Dataset excerpts:

Content starts

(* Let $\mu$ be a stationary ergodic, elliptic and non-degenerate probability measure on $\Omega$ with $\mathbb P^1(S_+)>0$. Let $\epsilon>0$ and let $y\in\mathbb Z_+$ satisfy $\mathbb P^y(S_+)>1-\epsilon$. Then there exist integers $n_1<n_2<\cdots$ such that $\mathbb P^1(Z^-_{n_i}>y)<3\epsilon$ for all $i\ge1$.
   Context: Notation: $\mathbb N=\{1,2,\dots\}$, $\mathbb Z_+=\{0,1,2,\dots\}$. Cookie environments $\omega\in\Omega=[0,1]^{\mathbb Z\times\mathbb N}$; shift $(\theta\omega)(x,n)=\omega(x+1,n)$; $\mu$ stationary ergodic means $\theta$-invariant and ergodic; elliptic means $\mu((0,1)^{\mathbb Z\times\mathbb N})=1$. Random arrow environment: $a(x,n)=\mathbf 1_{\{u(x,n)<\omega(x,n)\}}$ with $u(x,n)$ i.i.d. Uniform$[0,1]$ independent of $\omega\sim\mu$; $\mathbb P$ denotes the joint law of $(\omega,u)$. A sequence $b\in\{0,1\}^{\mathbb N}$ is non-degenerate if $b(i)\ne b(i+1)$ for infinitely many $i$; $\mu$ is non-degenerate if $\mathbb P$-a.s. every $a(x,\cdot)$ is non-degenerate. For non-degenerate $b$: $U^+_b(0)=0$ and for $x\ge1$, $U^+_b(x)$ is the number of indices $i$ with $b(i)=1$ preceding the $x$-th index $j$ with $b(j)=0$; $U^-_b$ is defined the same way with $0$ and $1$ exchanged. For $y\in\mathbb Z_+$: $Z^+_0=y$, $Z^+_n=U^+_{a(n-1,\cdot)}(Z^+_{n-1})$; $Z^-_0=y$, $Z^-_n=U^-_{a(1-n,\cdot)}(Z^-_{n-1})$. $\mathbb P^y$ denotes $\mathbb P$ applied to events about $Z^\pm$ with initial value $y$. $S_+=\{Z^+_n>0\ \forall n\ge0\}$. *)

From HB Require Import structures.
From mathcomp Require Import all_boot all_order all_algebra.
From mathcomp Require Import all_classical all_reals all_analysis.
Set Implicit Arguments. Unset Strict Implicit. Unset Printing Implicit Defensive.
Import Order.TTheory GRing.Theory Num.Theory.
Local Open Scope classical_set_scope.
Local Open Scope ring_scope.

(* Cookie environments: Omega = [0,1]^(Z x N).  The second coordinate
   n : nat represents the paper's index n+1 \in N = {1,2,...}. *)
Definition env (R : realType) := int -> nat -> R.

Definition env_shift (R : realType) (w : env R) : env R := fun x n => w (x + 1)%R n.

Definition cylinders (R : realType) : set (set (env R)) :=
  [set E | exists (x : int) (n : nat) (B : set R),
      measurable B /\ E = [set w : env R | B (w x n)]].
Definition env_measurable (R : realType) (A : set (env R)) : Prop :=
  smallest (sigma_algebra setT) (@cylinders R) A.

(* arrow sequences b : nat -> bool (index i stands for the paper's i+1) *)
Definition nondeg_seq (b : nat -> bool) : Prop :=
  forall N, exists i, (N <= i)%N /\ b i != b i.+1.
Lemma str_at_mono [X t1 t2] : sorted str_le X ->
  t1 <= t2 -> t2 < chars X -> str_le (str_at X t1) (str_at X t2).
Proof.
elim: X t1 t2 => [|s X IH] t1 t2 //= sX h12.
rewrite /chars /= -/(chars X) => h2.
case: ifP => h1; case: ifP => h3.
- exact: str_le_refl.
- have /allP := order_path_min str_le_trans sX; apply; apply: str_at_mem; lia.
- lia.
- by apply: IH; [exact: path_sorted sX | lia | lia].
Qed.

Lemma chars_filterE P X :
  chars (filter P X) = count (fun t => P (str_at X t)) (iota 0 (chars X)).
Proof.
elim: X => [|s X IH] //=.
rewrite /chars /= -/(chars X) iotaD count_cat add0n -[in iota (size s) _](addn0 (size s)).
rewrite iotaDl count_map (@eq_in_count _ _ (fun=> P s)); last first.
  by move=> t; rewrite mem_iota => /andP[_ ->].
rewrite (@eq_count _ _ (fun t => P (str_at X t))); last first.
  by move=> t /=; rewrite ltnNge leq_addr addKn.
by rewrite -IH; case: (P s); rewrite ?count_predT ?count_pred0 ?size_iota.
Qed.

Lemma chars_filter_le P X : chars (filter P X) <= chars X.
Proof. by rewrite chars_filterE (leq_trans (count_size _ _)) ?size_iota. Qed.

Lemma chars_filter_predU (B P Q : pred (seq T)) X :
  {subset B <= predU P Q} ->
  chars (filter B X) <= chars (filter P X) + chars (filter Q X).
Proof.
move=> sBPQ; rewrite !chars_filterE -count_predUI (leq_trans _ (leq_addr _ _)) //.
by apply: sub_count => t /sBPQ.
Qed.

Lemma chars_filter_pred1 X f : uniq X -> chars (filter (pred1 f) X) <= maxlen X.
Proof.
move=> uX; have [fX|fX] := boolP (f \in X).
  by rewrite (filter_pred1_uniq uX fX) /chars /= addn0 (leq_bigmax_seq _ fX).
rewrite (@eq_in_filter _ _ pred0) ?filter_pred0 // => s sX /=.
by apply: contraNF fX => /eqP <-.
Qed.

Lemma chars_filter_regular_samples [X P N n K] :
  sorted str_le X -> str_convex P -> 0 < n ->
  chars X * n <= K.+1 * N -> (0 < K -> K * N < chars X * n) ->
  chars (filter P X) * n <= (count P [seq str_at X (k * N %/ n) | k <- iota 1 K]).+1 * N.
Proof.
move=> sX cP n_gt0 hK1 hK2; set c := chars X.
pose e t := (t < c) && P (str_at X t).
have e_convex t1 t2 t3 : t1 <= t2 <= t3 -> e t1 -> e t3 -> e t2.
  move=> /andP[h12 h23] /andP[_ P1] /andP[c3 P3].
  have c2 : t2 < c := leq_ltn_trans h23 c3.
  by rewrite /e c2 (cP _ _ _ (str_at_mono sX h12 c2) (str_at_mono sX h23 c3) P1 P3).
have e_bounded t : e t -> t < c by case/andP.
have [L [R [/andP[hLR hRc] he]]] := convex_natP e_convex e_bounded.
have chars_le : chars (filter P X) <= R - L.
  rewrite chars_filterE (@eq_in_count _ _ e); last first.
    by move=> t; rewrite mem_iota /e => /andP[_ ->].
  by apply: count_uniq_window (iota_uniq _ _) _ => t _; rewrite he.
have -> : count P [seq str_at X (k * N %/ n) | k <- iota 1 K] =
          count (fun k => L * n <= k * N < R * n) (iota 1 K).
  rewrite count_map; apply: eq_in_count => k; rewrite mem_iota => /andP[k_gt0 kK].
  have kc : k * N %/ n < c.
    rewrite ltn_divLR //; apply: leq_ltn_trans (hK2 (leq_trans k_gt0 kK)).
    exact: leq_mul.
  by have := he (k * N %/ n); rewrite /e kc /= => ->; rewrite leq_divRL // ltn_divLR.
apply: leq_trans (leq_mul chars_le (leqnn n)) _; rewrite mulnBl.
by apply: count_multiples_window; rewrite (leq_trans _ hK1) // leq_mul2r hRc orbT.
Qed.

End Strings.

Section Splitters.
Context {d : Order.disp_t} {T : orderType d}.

Content ends
Content starts

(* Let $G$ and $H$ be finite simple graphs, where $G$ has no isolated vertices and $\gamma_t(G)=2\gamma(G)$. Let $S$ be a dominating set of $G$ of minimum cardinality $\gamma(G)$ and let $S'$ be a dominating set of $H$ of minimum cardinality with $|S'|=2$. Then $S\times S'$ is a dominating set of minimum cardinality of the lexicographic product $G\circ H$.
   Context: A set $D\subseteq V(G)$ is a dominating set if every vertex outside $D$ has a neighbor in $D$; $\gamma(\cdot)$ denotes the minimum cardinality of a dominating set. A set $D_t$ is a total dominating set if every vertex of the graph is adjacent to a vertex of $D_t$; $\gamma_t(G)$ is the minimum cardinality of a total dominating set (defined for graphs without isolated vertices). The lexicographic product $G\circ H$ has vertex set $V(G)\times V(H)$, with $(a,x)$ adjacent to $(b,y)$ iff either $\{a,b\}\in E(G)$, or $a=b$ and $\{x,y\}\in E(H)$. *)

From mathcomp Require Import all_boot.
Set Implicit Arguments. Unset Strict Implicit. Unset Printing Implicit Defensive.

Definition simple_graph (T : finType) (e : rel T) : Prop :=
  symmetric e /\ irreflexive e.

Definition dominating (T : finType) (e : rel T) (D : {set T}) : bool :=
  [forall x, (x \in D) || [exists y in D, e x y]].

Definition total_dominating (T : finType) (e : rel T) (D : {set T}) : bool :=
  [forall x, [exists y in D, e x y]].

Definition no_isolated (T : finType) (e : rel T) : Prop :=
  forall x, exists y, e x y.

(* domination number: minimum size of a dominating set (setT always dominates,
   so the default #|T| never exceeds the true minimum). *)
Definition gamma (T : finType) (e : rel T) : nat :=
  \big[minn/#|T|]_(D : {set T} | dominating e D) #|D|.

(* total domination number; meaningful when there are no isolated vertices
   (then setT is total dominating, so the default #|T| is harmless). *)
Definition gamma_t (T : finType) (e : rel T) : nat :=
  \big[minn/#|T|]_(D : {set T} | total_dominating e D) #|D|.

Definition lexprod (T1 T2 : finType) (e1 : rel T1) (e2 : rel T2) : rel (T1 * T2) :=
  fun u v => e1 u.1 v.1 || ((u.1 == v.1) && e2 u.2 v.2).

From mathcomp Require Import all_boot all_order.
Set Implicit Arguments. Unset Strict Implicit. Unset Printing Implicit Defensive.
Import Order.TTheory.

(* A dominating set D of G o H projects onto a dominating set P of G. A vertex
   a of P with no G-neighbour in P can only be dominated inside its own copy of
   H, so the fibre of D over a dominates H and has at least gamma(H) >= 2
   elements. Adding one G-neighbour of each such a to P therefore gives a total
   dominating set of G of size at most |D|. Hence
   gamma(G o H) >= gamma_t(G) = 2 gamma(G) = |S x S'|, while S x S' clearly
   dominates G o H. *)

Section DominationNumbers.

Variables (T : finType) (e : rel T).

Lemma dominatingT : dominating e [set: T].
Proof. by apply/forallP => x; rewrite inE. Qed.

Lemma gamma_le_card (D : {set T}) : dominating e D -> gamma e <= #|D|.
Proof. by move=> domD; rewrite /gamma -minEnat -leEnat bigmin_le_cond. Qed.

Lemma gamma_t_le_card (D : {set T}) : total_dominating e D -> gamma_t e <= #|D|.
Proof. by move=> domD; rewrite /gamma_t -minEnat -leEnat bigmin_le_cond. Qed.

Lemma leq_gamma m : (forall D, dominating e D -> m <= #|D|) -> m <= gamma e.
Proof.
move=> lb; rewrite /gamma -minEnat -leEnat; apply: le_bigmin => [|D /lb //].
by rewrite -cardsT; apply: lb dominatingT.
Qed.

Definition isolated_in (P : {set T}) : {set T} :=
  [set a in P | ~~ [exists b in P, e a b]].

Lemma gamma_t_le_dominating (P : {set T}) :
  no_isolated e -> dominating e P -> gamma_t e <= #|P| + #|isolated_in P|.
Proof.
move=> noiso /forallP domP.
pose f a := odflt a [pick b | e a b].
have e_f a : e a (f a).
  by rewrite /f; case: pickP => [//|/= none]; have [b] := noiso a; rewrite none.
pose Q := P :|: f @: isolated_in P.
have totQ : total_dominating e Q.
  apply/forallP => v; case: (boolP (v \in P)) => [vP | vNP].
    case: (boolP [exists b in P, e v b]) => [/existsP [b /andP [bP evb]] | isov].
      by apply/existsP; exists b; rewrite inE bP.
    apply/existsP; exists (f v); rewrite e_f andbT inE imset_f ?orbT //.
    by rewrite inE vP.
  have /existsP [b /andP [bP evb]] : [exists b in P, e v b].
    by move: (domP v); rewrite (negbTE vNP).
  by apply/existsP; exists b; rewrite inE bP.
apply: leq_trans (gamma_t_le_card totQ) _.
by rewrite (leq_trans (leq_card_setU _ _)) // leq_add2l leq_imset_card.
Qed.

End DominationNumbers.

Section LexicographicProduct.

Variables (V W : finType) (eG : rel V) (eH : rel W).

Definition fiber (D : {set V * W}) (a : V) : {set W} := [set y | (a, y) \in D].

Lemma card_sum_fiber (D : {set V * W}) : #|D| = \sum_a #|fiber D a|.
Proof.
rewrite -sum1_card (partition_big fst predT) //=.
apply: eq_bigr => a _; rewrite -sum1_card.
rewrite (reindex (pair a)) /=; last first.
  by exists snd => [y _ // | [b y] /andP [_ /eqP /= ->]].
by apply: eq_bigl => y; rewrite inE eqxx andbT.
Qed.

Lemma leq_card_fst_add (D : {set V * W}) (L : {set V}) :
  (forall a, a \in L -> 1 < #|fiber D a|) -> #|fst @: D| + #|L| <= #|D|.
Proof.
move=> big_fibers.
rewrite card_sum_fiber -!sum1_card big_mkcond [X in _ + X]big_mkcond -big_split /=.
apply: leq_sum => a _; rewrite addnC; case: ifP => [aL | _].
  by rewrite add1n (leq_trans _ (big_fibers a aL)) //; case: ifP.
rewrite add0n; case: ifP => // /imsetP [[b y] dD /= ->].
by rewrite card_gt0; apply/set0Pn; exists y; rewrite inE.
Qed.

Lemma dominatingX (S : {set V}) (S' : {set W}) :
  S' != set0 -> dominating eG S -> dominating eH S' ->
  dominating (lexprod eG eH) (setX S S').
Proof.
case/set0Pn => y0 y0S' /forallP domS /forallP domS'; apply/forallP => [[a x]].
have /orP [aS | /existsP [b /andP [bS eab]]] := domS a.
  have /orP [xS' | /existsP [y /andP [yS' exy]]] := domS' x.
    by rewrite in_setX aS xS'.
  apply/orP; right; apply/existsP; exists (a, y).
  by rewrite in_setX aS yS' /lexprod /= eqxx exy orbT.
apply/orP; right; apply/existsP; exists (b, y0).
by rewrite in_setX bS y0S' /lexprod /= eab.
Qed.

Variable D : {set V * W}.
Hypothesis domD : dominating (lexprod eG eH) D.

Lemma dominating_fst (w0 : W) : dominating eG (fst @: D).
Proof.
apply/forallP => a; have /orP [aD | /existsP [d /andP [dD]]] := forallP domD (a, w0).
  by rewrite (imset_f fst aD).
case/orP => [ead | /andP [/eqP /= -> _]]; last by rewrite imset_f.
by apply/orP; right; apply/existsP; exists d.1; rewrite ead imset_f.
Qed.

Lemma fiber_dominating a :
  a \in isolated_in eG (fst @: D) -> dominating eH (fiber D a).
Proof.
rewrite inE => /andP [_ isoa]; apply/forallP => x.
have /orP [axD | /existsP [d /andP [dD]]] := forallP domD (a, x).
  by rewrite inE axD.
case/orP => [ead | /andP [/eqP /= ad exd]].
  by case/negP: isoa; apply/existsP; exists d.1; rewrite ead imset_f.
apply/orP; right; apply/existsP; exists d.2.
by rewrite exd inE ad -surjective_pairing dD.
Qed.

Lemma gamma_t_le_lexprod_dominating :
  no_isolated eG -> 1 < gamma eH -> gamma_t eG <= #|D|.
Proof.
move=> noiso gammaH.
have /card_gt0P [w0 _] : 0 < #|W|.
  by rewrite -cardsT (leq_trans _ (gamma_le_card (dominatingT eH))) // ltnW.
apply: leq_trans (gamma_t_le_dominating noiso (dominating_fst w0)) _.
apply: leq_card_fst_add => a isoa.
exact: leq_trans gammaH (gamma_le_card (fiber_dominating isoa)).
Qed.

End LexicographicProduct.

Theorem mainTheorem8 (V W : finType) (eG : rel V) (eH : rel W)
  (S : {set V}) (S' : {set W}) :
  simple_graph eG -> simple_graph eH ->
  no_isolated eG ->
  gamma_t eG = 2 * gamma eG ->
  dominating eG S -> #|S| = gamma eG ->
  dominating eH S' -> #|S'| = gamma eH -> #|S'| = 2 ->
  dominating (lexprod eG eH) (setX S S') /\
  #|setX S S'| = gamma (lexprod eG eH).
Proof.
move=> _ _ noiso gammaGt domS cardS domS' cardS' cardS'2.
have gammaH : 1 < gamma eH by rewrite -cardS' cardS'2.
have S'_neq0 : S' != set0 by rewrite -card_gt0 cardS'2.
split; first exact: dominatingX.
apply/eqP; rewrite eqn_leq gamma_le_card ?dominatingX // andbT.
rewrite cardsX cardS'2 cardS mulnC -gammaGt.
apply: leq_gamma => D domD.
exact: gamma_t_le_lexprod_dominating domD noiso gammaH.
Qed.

Content ends
Content starts

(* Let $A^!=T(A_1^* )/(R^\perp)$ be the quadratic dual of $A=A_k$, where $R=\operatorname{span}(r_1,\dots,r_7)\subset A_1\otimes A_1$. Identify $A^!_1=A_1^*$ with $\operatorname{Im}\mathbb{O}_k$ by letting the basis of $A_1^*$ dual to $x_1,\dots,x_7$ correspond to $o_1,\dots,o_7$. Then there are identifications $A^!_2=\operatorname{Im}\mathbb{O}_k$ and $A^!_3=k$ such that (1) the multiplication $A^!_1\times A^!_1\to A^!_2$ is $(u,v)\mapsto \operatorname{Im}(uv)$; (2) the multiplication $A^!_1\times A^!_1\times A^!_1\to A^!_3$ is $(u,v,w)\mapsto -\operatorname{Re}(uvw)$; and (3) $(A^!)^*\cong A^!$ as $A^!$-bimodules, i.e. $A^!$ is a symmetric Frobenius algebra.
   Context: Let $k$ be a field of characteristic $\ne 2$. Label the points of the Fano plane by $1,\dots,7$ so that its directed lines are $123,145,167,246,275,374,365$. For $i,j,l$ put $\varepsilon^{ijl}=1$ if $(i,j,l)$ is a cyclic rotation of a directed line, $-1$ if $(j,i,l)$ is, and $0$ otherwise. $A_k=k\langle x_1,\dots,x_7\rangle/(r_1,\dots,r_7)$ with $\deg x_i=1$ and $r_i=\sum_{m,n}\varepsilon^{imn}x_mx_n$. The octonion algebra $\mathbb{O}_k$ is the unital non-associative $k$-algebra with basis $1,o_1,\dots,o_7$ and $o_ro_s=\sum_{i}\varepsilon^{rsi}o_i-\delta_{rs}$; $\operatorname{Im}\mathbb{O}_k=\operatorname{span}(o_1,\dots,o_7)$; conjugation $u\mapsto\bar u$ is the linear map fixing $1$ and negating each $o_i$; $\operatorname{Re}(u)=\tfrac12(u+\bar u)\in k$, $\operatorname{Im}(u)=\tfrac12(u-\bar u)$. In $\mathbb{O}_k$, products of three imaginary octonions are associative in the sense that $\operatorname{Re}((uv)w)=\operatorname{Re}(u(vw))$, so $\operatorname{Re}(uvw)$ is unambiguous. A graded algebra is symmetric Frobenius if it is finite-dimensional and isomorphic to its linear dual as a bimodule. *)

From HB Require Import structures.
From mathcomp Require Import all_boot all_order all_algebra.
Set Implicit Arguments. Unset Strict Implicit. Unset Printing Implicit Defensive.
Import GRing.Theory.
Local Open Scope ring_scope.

Content ends

_TASK_.
Copy out only the lines of the records above from the one with "[forall x, [exists y in D, e x y]]." through the one with "Definition lexprod (T1", exactly as they stand, both included.

_EXERCISE RESULT_.
  [forall x, [exists y in D, e x y]].

Definition no_isolated (T : finType) (e : rel T) : Prop :=
  forall x, exists y, e x y.

(* domination number: minimum size of a dominating set (setT always dominates,
   so the default #|T| never exceeds the true minimum). *)
Definition gamma (T : finType) (e : rel T) : nat :=
  \big[minn/#|T|]_(D : {set T} | dominating e D) #|D|.

(* total domination number; meaningful when there are no isolated vertices
   (then setT is total dominating, so the default #|T| is harmless). *)
Definition gamma_t (T : finType) (e : rel T) : nat :=
  \big[minn/#|T|]_(D : {set T} | total_dominating e D) #|D|.

Definition lexprod (T1 T2 : finType) (e1 : rel T1) (e2 : rel T2) : rel (T1 * T2) :=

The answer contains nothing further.